§ Exercise details
State the count of lines below featuring the word "existsP", and write nothing further.

════════════════════

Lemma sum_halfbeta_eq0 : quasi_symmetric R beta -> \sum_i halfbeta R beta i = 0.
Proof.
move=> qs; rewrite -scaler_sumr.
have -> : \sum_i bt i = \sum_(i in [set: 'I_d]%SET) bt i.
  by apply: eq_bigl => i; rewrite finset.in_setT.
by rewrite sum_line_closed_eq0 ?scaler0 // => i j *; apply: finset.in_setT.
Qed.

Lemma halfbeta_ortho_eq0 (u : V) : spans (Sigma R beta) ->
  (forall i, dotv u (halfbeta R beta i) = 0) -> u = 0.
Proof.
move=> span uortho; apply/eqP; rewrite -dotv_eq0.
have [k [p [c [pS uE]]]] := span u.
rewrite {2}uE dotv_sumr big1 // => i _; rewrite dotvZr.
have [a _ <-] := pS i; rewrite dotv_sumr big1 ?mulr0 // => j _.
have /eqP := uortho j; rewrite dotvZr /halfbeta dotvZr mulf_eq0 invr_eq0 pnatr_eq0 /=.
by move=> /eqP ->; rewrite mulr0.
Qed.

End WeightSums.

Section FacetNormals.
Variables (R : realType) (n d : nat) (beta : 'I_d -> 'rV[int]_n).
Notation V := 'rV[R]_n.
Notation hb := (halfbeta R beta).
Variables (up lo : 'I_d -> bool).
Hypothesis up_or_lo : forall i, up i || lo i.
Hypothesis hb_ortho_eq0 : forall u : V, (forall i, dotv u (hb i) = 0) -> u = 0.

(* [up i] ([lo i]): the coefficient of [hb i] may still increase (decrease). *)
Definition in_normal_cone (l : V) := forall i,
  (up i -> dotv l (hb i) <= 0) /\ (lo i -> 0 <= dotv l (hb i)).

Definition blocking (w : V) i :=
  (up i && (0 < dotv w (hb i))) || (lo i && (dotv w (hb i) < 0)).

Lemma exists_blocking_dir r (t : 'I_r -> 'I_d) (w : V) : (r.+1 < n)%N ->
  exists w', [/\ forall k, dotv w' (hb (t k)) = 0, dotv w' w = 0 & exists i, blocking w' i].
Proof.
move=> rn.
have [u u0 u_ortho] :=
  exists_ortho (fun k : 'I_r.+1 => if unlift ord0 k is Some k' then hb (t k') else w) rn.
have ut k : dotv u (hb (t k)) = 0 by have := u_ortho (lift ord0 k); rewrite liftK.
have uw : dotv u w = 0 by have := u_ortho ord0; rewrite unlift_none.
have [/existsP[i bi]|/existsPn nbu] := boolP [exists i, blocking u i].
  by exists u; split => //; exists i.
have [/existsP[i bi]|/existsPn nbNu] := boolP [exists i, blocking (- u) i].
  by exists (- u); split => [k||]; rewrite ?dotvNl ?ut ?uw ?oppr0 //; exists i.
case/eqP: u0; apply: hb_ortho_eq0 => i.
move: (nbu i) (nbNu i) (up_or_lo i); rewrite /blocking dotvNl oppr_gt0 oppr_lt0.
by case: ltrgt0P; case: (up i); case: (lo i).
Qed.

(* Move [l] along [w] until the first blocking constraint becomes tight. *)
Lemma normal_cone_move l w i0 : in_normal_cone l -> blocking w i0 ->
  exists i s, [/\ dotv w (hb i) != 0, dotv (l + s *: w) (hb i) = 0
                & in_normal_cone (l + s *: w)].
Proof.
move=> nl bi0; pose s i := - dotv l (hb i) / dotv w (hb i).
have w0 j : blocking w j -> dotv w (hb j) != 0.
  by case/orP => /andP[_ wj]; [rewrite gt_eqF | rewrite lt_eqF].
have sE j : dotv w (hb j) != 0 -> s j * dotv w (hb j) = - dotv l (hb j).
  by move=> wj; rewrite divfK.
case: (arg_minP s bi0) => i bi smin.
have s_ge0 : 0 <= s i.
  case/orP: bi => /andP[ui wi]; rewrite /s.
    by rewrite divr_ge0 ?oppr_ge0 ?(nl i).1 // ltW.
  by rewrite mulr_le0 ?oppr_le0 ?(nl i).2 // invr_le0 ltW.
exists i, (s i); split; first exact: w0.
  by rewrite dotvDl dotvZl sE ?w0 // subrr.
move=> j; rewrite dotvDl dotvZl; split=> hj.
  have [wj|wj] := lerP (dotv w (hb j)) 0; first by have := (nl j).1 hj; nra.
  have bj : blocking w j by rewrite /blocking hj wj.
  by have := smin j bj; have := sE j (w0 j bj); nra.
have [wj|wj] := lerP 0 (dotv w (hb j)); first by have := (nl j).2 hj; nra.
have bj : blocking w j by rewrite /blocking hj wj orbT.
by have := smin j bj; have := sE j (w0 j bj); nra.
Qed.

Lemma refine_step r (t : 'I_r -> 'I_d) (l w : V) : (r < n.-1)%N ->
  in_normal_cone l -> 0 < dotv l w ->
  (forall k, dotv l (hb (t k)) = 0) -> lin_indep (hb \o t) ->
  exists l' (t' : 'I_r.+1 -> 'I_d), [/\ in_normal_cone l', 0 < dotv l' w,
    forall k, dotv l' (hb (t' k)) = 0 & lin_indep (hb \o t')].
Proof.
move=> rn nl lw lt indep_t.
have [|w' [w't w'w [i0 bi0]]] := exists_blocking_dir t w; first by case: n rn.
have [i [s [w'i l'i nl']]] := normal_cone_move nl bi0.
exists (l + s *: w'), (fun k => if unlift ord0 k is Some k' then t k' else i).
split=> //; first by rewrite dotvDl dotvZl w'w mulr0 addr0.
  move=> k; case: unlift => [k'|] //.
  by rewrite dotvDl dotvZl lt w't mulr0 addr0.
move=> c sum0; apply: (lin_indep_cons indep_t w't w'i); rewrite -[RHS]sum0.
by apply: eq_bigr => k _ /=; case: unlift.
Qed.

════════════════════

§ Output for this task
2